JAM-Pidum telah beberapa kali mengeluarkan petunjuk teknis dalam pelaksanaan penghentian penuntutan berdasarkan keadilan restoratif, terakhir dengan surat edaran Jaksa Agung Muda Tindak Pidana Umum Nomor: 01/E/Ejp/02/2022 Tentang Pelaksanaan Penghentian Penuntutan Berdasarkan Keadilan Restoratif.

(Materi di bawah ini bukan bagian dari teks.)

Theorem proposition3 (R : fieldType) (hR : [pchar R] =i pred0) (r : R) :
  is_Jfrac (fun _ => 2%:R *: 'X + 1 : {poly R})
           (fun n => (n%:R * r) *: ('X * ('X + 1)) : {poly R})
           (rev_eF_gf r).
Proof.
have -> : rev_eF_gf r = hermite (2%:R *: 'X + 1) (r *: ('X * ('X + 1))).
  by apply: functional_extensionality => n; exact: rev_eF_gf_hermite.
have -> : (fun n => (n%:R * r) *: ('X * ('X + 1))) =
          (fun n => n%:R * (r *: ('X * ('X + 1))) : {poly R}).
  by apply: functional_extensionality => n; rewrite -scalerA scaler_nat mulr_natl.
exact: is_Jfrac_hermite.
Qed.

Menurut Zumhana, pembentukan Rumah Restorative Justice yang sudah dilaunching oleh Jaksa Agung pada Rabu 16 Maret 2022 dapat menjadi sarana penyelesaian perkara diluar persidangan (afdoening buiten process) sebagai alternatif solusi memecahkan permasalahan penegakan hukum dalam perkara tertentu yang belum dapat memulihkan kedamaian dan harmoni dalam masyarakat seperti sebelum terjadinya tindak pidana.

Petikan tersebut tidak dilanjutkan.